Pamela Tsigdinos sabe bem o que você está pensando: e por que não adotar? Mas ao mesmo tempo em que consideram a possibilidade, o casal acha que não é para eles.

Não é como cara ou coroa ¿ ou você tem um filho ou adota. Não é tão simples assim, ela disse, lembrando os esforços de amigos que buscaram a adoção. 

Não está claro quantas mulheres não têm filhos, contrariando sua vontade. O estigma ligado à infertilidade e à vida sem filhos obriga muitas mulheres a silenciarem sobre seus conflitos, disse Pamela, completando que isso não é algo que a gente quer conversar em uma festa, tomando um drinque.

Quase dois anos depois, Pamela Tsigdinos, 45 anos, ainda cai em lágrimas quando fala sobre isso. Não é um processo linear, disse. Você aceita que vai fazer o melhor para seguir em frente, mas há dias em que tudo se torna simplesmente sufocante.

Especialistas recomendam que mulheres que lutam contra a decisão de interromper tratamentos de fertilização encarem sua perda como fariam com qualquer outra.

A pessoa deve atravessar um processo de luto pelo que isso representa e aceitar quem elas são nessa vida, disse Dr. Mardy S. Ireland, psicanalista de Berkeley, Califórnia, especialista em casais sem filhos.

Tratamentos contra infertilidade podem ser tão desgastante que muitas mulheres continuam tentando, mesmo depois de as chances serem proibitivas. Aquelas que conseguem aceitar a possibilidade de que nenhum tratamento no mundo as permitirá engravidar podem encarar melhor a possibilidade de aprender a aceitar uma vida sem filhos.

As mulheres que terão mais dificuldade em lidar com a realidade são aquelas que não tomam uma decisão, disse Ireland. As que não tomam a decisão, acrescentou, vão acordar um dia e sentir que a escolha foi tirada das mãos delas. 

Ainda assim, mulheres como Pamela Tsigdinos freqüentemente caem em lágrimas ao ver uma mãe empurrando um carrinho de bebê, lutam contra a raiva que sentem de amigos que inocentemente as convidam para chás de bebê e brigam com seus próprios pais, que não aceitam o fato de que nunca serão avós.

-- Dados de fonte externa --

(* Let $n \geq 2$ be an integer. There exists a greatest integer $w$ such that there is an S-template with width $w$ and $n$ colors; denote it $S^+(n)$. Moreover, $$2S(n-1)+1 \leq S^+(n) \leq S(n).$$
   Context: A set $A \subseteq \mathbb{N}$ is sum-free if for all $(a,b)\in A^2$ (allowing $a=b$), $a+b \notin A$. For $n\ge 1$, the Schur number $S(n)$ is the largest integer $p$ such that $\{1,\dots,p\}$ can be partitioned into $n$ sum-free subsets. For positive integers $p,n$, an S-template with $n$ colors and width $p$ is a partition of $\{1,\dots,p\}$ into $n$ sum-free subsets $A_1,\dots,A_n$ such that for every $i \in \{1,\dots,n-1\}$ (i.e. every subset except $A_n$) and all $(x,y)\in A_i^2$: if $x+y>p$ then $x+y-p \notin A_i$. *)

From Stdlib Require Import Arith Lia.

Definition sum_free (A : nat -> Prop) : Prop :=
  forall a b, A a -> A b -> ~ A (a + b).

Definition block (p : nat) (c : nat -> nat) (i : nat) : nat -> Prop :=
  fun x => 1 <= x <= p /\ c x = i.

Definition sum_free_partition (n p : nat) (c : nat -> nat) : Prop :=
  (forall x, 1 <= x <= p -> c x < n) /\
  (forall i, i < n -> sum_free (block p c i)).

Definition schur_partitionable (n p : nat) : Prop :=
  exists c, sum_free_partition n p c.

Definition is_schur_number (n s : nat) : Prop :=
  schur_partitionable n s /\ (forall p, schur_partitionable n p -> p <= s).

(* S-template with n colours and width p: a sum-free partition such that for
   every colour i except the last one (i.e. i < n-1, the paper's A_1..A_{n-1};
   the colour n-1 plays the role of A_n) and all x, y in A_i with x + y > p,
   x + y - p is not in A_i. *)
Definition S_template (n p : nat) (c : nat -> nat) : Prop :=
  sum_free_partition n p c /\
  (forall i, i < n - 1 ->
     forall x y, block p c i x -> block p c i y -> p < x + y ->
       ~ block p c i (x + y - p)).

Definition has_S_template (n p : nat) : Prop := exists c, S_template n p c.

(* An S-template is in particular a sum-free partition, so its width is bounded
   by Schur's theorem, which makes the maximal width exist and gives S+(n) <= S(n).
   Schur's theorem is proved in the quantitative form S(r) < floor(e r!): if all
   pairwise differences of a set use at most r sum-free colours, pigeonhole sorts
   the differences to its least element into r classes, and inside the largest
   class the differences avoid that class's colour, which recurses with r - 1
   colours.  For the lower bound, colour {1..s} by a sum-free partition into n - 1
   colours and (s, 2s+1] by the last colour: two old-coloured numbers never sum
   beyond the width 2s+1, and two new-coloured ones always do. *)

From Stdlib Require Import List Arith Lia Sorted Classical.

Lemma ex_max_nat (P : nat -> Prop) (B : nat) :
  (exists p, P p) -> (forall p, P p -> p <= B) ->
  exists w, P w /\ forall p, P p -> p <= w.
Proof.
  induction B as [|B IH]; intros [p0 Hp0] Hbound.
  - exists p0; split; [assumption|].
    intros p Hp; pose proof (Hbound p Hp); pose proof (Hbound p0 Hp0); lia.
  - destruct (classic (P (S B))) as [HSB|HSB].
    + exists (S B); auto.
    + apply IH; [exists p0; assumption|].
      intros p Hp; destruct (Nat.eq_dec p (S B)) as [->|Hne]; [contradiction|].
      pose proof (Hbound p Hp); lia.
Qed.

Lemma length_filter_filter_le (f g : nat -> bool) (l : list nat) :
  length (filter f (filter g l)) <= length (filter f l).
Proof.
  induction l as [|x l IH]; simpl; [lia|].
  destruct (g x); simpl; destruct (f x); simpl; lia.
Qed.

Lemma exists_large_fibre (f : nat -> nat) (k : nat) (u : list nat) :
  forall l, (forall x, In x l -> In (f x) u) -> length u * k < length l ->
  exists a, In a u /\ k < length (filter (fun x => f x =? a) l).
Proof.
  induction u as [|a u IH]; intros l Hmaps Hlen.
  - destruct l as [|x l]; simpl in Hlen; [lia|].
    destruct (Hmaps x); simpl; auto.
  - destruct (Nat.lt_ge_cases k (length (filter (fun x => f x =? a) l)))
      as [Hlarge|Hsmall].
    + exists a; split; [left|]; auto.
    + set (rest := filter (fun x => negb (f x =? a)) l).
      destruct (IH rest) as [b [Hb Hfibre]].
      * intros x Hx; apply filter_In in Hx as [Hx Hne].
        destruct (Hmaps x Hx) as [Heq|Hin]; [|assumption].
        rewrite Heq, Nat.eqb_refl in Hne; discriminate.
      * pose proof (filter_length (fun x => f x =? a) l).
        simpl in Hlen; unfold rest; lia.
      * exists b; split; [right; assumption|].
        pose proof (length_filter_filter_le (fun x => f x =? b)
                      (fun x => negb (f x =? a)) l).
        unfold rest in Hfibre; lia.
Qed.

Lemma StronglySorted_filter {A} (R : A -> A -> Prop) (f : A -> bool) (l : list A) :
  StronglySorted R l -> StronglySorted R (filter f l).
Proof.
  induction 1 as [|x l _ IH Hx]; simpl; [constructor|].
  destruct (f x); [|assumption].
  constructor; [assumption|].
  exact (incl_Forall (incl_filter f l) Hx).
Qed.

Lemma StronglySorted_seq (len : nat) : forall start, StronglySorted lt (seq start len).
Proof.
  induction len as [|len IH]; intros start; simpl; constructor; [apply IH|].
  apply Forall_forall; intros x Hx; apply in_seq in Hx; lia.
Qed.

(* [schur_bound r = floor (e * r!)]. *)
Fixpoint schur_bound (r : nat) : nat :=
  match r with
  | 0 => 1
  | S r' => S (S r' * schur_bound r')
  end.

Section DifferenceColouring.
Variables (p : nat) (c : nat -> nat).

Definition differences_coloured (u l : list nat) : Prop :=
  forall x y, In x l -> In y l -> x < y -> In (c (y - x)) u.

Lemma differences_coloured_fibre (u l : list nat) (m a : nat) :
  sum_free (block p c a) -> (forall y, In y l -> m < y <= p) ->
  differences_coloured u (m :: l) ->
  differences_coloured (remove Nat.eq_dec a u)
    (filter (fun x => c (x - m) =? a) l).
Proof.
  intros Hsf Hrange Hdiff x y Hx Hy Hxy.
  apply filter_In in Hx as [Hx Hcx], Hy as [Hy Hcy].
  apply Nat.eqb_eq in Hcx, Hcy.
  apply in_in_remove; [|apply Hdiff; simpl; auto].
  intros Hcxy.
  pose proof (Hrange x Hx); pose proof (Hrange y Hy).
  apply (Hsf (x - m) (y - x)); [split; [lia|auto] .. |].
  replace (x - m + (y - x)) with (y - m) by lia.
  split; [lia|assumption].
Qed.

Lemma differences_coloured_length_le (r : nat) : forall u l,
  length u <= r -> (forall a, In a u -> sum_free (block p c a)) ->
  StronglySorted lt l -> (forall x, In x l -> x <= p) ->
  differences_coloured u l -> length l <= schur_bound r.
Proof.
  induction r as [|r IH]; intros u l Hu Hsf Hsorted Hle Hdiff.
  - destruct u; [|simpl in Hu; lia].
    destruct l as [|x [|y l]]; simpl; [lia|lia|exfalso].
    apply StronglySorted_inv in Hsorted as [_ Hx].
    apply (Hdiff x y); simpl; auto.
    apply (proj1 (Forall_forall _ _) Hx); simpl; auto.
  - destruct l as [|m l]; simpl; [lia|].
    apply StronglySorted_inv in Hsorted as [Hsorted Hm].
    assert (Hrange : forall y, In y l -> m < y <= p).
    { intros y Hy; split; [exact (proj1 (Forall_forall _ _) Hm y Hy)|].
      apply Hle; simpl; auto. }
    apply Nat.nlt_ge; intros Hlong.
    destruct (exists_large_fibre (fun x => c (x - m)) (schur_bound r) u l)
      as [a [Ha Hfibre]].
    { intros x Hx; apply Hdiff; simpl; auto; apply Hrange, Hx. }
    { nia. }
    apply (proj1 (Nat.lt_nge _ _) Hfibre).
    apply (IH (remove Nat.eq_dec a u)).
    + pose proof (remove_length_lt Nat.eq_dec u a Ha); lia.
    + intros b Hb; apply in_remove in Hb as [Hb _]; apply Hsf, Hb.
    + apply StronglySorted_filter, Hsorted.
    + intros x Hx; apply filter_In in Hx as [Hx _]; apply Hrange, Hx.
    + apply differences_coloured_fibre; auto.
Qed.

End DifferenceColouring.

Lemma sum_free_partition_lt_schur_bound (n p : nat) (c : nat -> nat) :
  sum_free_partition n p c -> p < schur_bound n.
Proof.
  intros [Hcol Hsf].
  enough (length (seq 0 (S p)) <= schur_bound n) by (rewrite length_seq in *; lia).
  apply (differences_coloured_length_le p c n (seq 0 n)).
  - rewrite length_seq; lia.
  - intros a Ha; apply in_seq in Ha; apply Hsf; lia.
  - apply StronglySorted_seq.
  - intros x Hx; apply in_seq in Hx; lia.
  - intros x y _ Hy Hxy; apply in_seq in Hy; apply in_seq.
    specialize (Hcol (y - x)); lia.
Qed.

Lemma has_S_template_0 (n : nat) : has_S_template n 0.
Proof.
  exists (fun _ => 0); split; [split|].
  - intros x Hx; lia.
  - intros i _ a b [Ha _]; lia.
  - intros i _ x y [Hx _]; lia.
Qed.

Lemma has_S_template_lt_schur_bound (n p : nat) :
  has_S_template n p -> p < schur_bound n.
Proof.
  intros [c [Hc _]]; exact (sum_free_partition_lt_schur_bound n p c Hc).
Qed.

Definition extend_colouring (n s : nat) (c : nat -> nat) (x : nat) : nat :=
  if x <=? s then c x else n.

Section ExtendColouring.
Variables (n s : nat) (c : nat -> nat).
Hypothesis Hc : sum_free_partition n s c.

Lemma block_extend_colouring_lt (i x : nat) : i < n ->
  block (2 * s + 1) (extend_colouring n s c) i x -> block s c i x.
Proof.
  unfold extend_colouring; intros Hi [Hx Hcx].
  destruct (Nat.leb_spec x s); split; lia.
Qed.

Lemma block_extend_colouring_last (x : nat) :
  block (2 * s + 1) (extend_colouring n s c) n x -> s < x <= 2 * s + 1.
Proof.
  unfold extend_colouring; intros [Hx Hcx].
  destruct (Nat.leb_spec x s); [|lia].
  pose proof (proj1 Hc x); lia.
Qed.

Lemma S_template_extend_colouring :
  S_template (S n) (2 * s + 1) (extend_colouring n s c).
Proof.
  destruct Hc as [Hcol Hsf].
  split; [split|].
  - unfold extend_colouring; intros x Hx.
    destruct (Nat.leb_spec x s); [specialize (Hcol x)|]; lia.
  - intros i Hi a b Ha Hb Hab.
    destruct (Nat.eq_dec i n) as [->|Hne].
    + apply block_extend_colouring_last in Ha, Hb, Hab; lia.
    + apply (Hsf i ltac:(lia) a b); apply block_extend_colouring_lt; auto; lia.
  - intros i Hi x y Hx Hy Hxy _.
    apply block_extend_colouring_lt in Hx, Hy; try lia.
    destruct Hx as [Hx _], Hy as [Hy _]; lia.
Qed.

End ExtendColouring.

Theorem proposition2p2 (n : nat) (Hn : 2 <= n) :
  exists w : nat,
    (has_S_template n w /\ (forall p, has_S_template n p -> p <= w)) /\
    (forall s1 s, is_schur_number (n - 1) s1 -> is_schur_number n s ->
       2 * s1 + 1 <= w <= s).
Proof.
  destruct (ex_max_nat (has_S_template n) (schur_bound n)) as [w [Hw Hmax]].
  - exists 0; apply has_S_template_0.
  - intros p Hp; apply Nat.lt_le_incl, has_S_template_lt_schur_bound, Hp.
  - exists w; split; [split; assumption|].
    intros s1 s [[c1 Hc1] _] [_ Hs]; split.
    + apply Hmax; replace n with (S (n - 1)) by lia.
      exists (extend_colouring (n - 1) s1 c1).
      apply S_template_extend_colouring, Hc1.
    + apply Hs; destruct Hw as [c [Hc _]]; exists c; exact Hc.
Qed.
(* Let $G$ be a group with a conjugation-closed generating set $X$ and let $g\in\mathrm{Mon}(X)$. The poset $\mathrm{Fact}(G,g,\mathbf I)$ is simplicial, i.e. each of its intervals $[\mathbf x,\mathbf y]$ (with $\mathbf x\le\mathbf y$) is isomorphic to a Boolean lattice.
   Context: $\mathrm{Mon}(X)$ is the generated submonoid; $\ell(x)$ is the minimal length of a product of elements of $X$ equal to $x$. A linear factorization of $g$ is a row vector $[x_L\ x_1\ \cdots\ x_k\ x_R]$ ($k\ge0$) of elements of $\mathrm{Mon}(X)$ with $x_1,\dots,x_k\ne1$ ($x_L,x_R$ may be trivial), $\ell(x_L)+\sum_i\ell(x_i)+\ell(x_R)=\ell(g)$ and $x_Lx_1\cdots x_kx_R=g$. With $x_0=x_L$, $x_{k+1}=x_R$, the merge at position $i\in\{0,\dots,k\}$ replaces consecutive entries $x_i,x_{i+1}$ by the single entry $x_ix_{i+1}$. $\mathrm{Fact}(G,g,\mathbf I)$ is the set of linear factorizations of $g$ ordered by $\mathbf x\le\mathbf y$ iff $\mathbf x$ is obtained from $\mathbf y$ by a finite sequence of merges. A Boolean lattice is the poset of all subsets of a finite set under inclusion. *)

From Stdlib Require Import ClassicalEpsilon Relation_Operators.
From mathcomp Require Import all_boot.

Set Implicit Arguments.
Unset Strict Implicit.
Unset Printing Implicit Defensive.

Record group := Group {
  carrier :> Type;
  gmul : carrier -> carrier -> carrier;
  gone : carrier;
  ginv : carrier -> carrier;
  gmulA : forall a b c, gmul a (gmul b c) = gmul (gmul a b) c;
  gmul1 : forall a, gmul gone a = a;
  gmulr1 : forall a, gmul a gone = a;
  gmulV : forall a, gmul (ginv a) a = gone;
  gmulVr : forall a, gmul a (ginv a) = gone }.

Section Fact.
Variable G : group.
Local Notation "a * b" := (gmul a b).
Local Notation "1" := (gone G).

Definition gprod (s : seq G) : G := foldr (@gmul G) 1 s.

Definition conj_closed (X : G -> Prop) : Prop :=
  forall x h, X x -> X (ginv h * x * h).

Definition generates (X : G -> Prop) : Prop :=
  forall g, exists s : seq G,
    (forall i, i < size s -> X (nth 1 s i) \/ X (ginv (nth 1 s i))) /\ gprod s = g.

Definition word_of (X : G -> Prop) (s : seq G) (x : G) : Prop :=
  (forall i, i < size s -> X (nth 1 s i)) /\ gprod s = x.

Definition Mon (X : G -> Prop) (x : G) : Prop := exists s, word_of X s x.

Definition is_min_len (X : G -> Prop) (x : G) (n : nat) : Prop :=
  (exists s, word_of X s x /\ size s = n) /\
  (forall s, word_of X s x -> n <= size s).

(* l(x): the minimal length (well-defined for x in Mon(X)) *)
Definition ell (X : G -> Prop) (x : G) : nat :=
  epsilon (inhabits 0%N) (is_min_len X x).

(* A linear factorization [x_L x_1 ... x_k x_R] of g is represented by the
   list [:: x_L, x_1, ..., x_k & [:: x_R]] (size k+2). *)
Definition is_lin_fact (X : G -> Prop) (g : G) (s : seq G) : Prop :=
  [/\ 2 <= size s,
      (forall i, i < size s -> Mon X (nth 1 s i)),
      (forall i, 0 < i < (size s).-1 -> nth 1 s i <> 1),
      \sum_(a <- s) ell X a = ell X g
    & gprod s = g].

(* merge at position i (0 <= i <= k, i.e. i < size s - 1): replaces the
   consecutive entries x_i, x_{i+1} by x_i x_{i+1}. *)
Definition merge (i : nat) (s : seq G) : seq G :=
  take i s ++ (nth 1 s i * nth 1 s i.+1) :: drop i.+2 s.

Definition merge_step (t s : seq G) : Prop :=
  exists2 i, i < (size s).-1 & t = merge i s.

Definition Fact (X : G -> Prop) (g : G) : Type := {s : seq G | is_lin_fact X g s}.

Definition fact_le (X : G -> Prop) (g : G) (x y : Fact X g) : Prop :=
  clos_refl_trans (seq G) merge_step (proj1_sig x) (proj1_sig y).

Definition interval (X : G -> Prop) (g : G) (x y : Fact X g) : Type :=
  {z : Fact X g | fact_le x z /\ fact_le z y}.

End Fact.

(* A poset P with order le is isomorphic to a Boolean lattice: there is a
   finite set (wlog {0,...,n-1}) and an order isomorphism from P onto the
   set of all its subsets ordered by inclusion. *)
Definition iso_Boolean_lattice (P : Type) (le : P -> P -> Prop) : Prop :=
  exists (n : nat) (f : P -> {set 'I_n}) (f' : {set 'I_n} -> P),
    [/\ cancel f f', cancel f' f &
        forall a b, le a b <-> f a \subset f b].

From Stdlib Require Import ClassicalEpsilon ProofIrrelevance.
From Stdlib Require Import Relation_Operators Operators_Properties.
From Pilot Require Import Defs.
From mathcomp Require Import all_boot zify.

Set Implicit Arguments.
Unset Strict Implicit.
Unset Printing Implicit Defensive.

(* Write y = [x_L x_1 ... x_k x_R].  Every factorization obtained from y by
   merges is a coarsening of y, determined by which of the k+1 positions in
   front of x_1, ..., x_k, x_R still carry a block boundary, and a merge
   deletes one boundary.  Because the lengths along y add up to l(g) and l is
   subadditive, the lengths along any coarsening are the block sums of the
   lengths along y; as x_1, ..., x_k have positive length, distinct boundary
   sets give distinct factorizations.  So [x, y] is isomorphic to the boundary
   sets containing those of x, i.e. to all subsets of the boundaries of y that
   are missing in x. *)

Section Coarsening.
Variables (T : Type) (op : T -> T -> T).

(* [coarsen a c s] splits [a :: s] into blocks, multiplied out by [op], with a
   block starting at [s_i] iff [c_i] holds; missing bits count as [false]. *)
Fixpoint coarsen (a : T) (c : bitseq) (s : seq T) : seq T :=
  match s with
  | [::] => [:: a]
  | x :: s' => if head false c then a :: coarsen x (behead c) s'
               else coarsen (op a x) (behead c) s'
  end.

Lemma size_coarsen a c s :
  size c = size s -> size (coarsen a c s) = (count id c).+1.
Proof. by elim: s a c => [|x s IHs] a [|[] c] //= [/IHs->]. Qed.

Lemma coarsen_all_cuts a s : coarsen a (nseq (size s) true) s = a :: s.
Proof. by elim: s a => [|x s IHs] a //=; rewrite IHs. Qed.

Lemma coarsen_opl (opA : associative op) u a c s :
  coarsen (op u a) c s =
  if coarsen a c s is h :: r then op u h :: r else [::].
Proof.
elim: s a c => [|x s IHs] a c //=.
by case: (head false c) => //; rewrite -opA IHs.
Qed.

End Coarsening.

Section CoarseningNat.

Definition pos_but_last (es : seq nat) := forall j, j.+1 < size es -> 0 < nth 0 es j.

Local Notation coarsenn := (coarsen addn).

Lemma sumn_coarsen e c es : sumn (coarsenn e c es) = e + sumn es.
Proof.
elim: es e c => [|x es IHes] e c /=; first by rewrite !addn0.
by case: (head false c); rewrite /= IHes ?addnA.
Qed.

Lemma head_coarsen_ge e c es : e <= head 0 (coarsenn e c es).
Proof.
elim: es e c => [|x es IHes] e c //=; case: (head false c) => //=.
exact: leq_trans (leq_addr x e) (IHes _ _).
Qed.

Lemma coarsen_nat_inj es e c c' :
  size c = size es -> size c' = size es -> pos_but_last es ->
  coarsenn e c es = coarsenn e c' es -> c = c'.
Proof.
elim: es e c c' => [|x es IHes] e [|b c] [|b' c'] //= [sc] [sc'] pos.
have pos' : pos_but_last es by move=> j; apply: (pos j.+1).
(* a block boundary right after [e] cannot be matched by absorbing [x > 0] into [e] *)
have cut_vs_merge d d' : size d = size es ->
    e :: coarsenn x d es <> coarsenn (e + x) d' es.
  case: es {IHes sc sc' pos'} pos => [|y es] pos sd E.
    by case: d d' sd E => [|? ?] [|? ?].
  have := head_coarsen_ge (e + x) d' (y :: es); rewrite -E /=.
  by have /= := pos 0 erefl; lia.
case: b b' => [] [] E.
- by case: E => /IHes ->.
- by case: (cut_vs_merge _ _ sc E).
- by case: (cut_vs_merge _ _ sc' (esym E)).
- by rewrite (IHes _ _ _ sc sc' pos' E).
Qed.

Susan B. Slotnick, membro da Resolve, uma associação sem fins lucrativo de fertilidade, entende essa dor. Há onze anos, ela também tomou a decisão de parar os tratamentos de fertilidade e aceitar uma vida sem filhos. A dor nunca vai embora, na verdade, disse. Mas é como uma dor de coluna crônica, você aprende a lidar com ela.

Essa dor une mulheres de todos os níveis sociais que compartilham do desejo de ter filhos, e uma comunidade online em crescimento as ajuda a lidar com as muitas facetas da infertilidade. Pamela Tsigdinos, profissional de marketing de uma empresa de capital de risco, criou seu próprio blog sobre o outro lado do tratamento, o www.coming2terms.com , para ajudá-la a superar a decisão de interromper os tratamentos de infertilidade.

Após anos se concentrando em ficar grávida, a paixão de Pamela agora é se conectar com outras mulheres na mesma situação. Ela escreve sobre coisas diárias que a fazem lembrar-se da sua vida sem filhos, mas também sobre as coisas com as quais teve que lidar no caminho: como saber quando interromper o tratamento, como lidar com amigos e parentes intrometidos, como aceitar a vida sem a expectativa de ler livros infantis, ir a recitais e a festas de formatura. As mulheres e os poucos homens que comentam no blog de Pamela nem sempre concordam com suas escolhas, mas todos têm compaixão e a ajudam a se sentir melhor. 

A infertilidade pode ser o tema principal na vida de Pamela Tsigdinos. Mas ela afirma que isso não a impede de aproveitar o que tem de bom na vida.

Tenho que admitir que sou uma das mulheres mais sortudas porque tenho o marido mais paciente do mundo, ela disse. Pelo fato de sermos somente nós dois, o tempo todo queremos assegurar que o outro esteja feliz.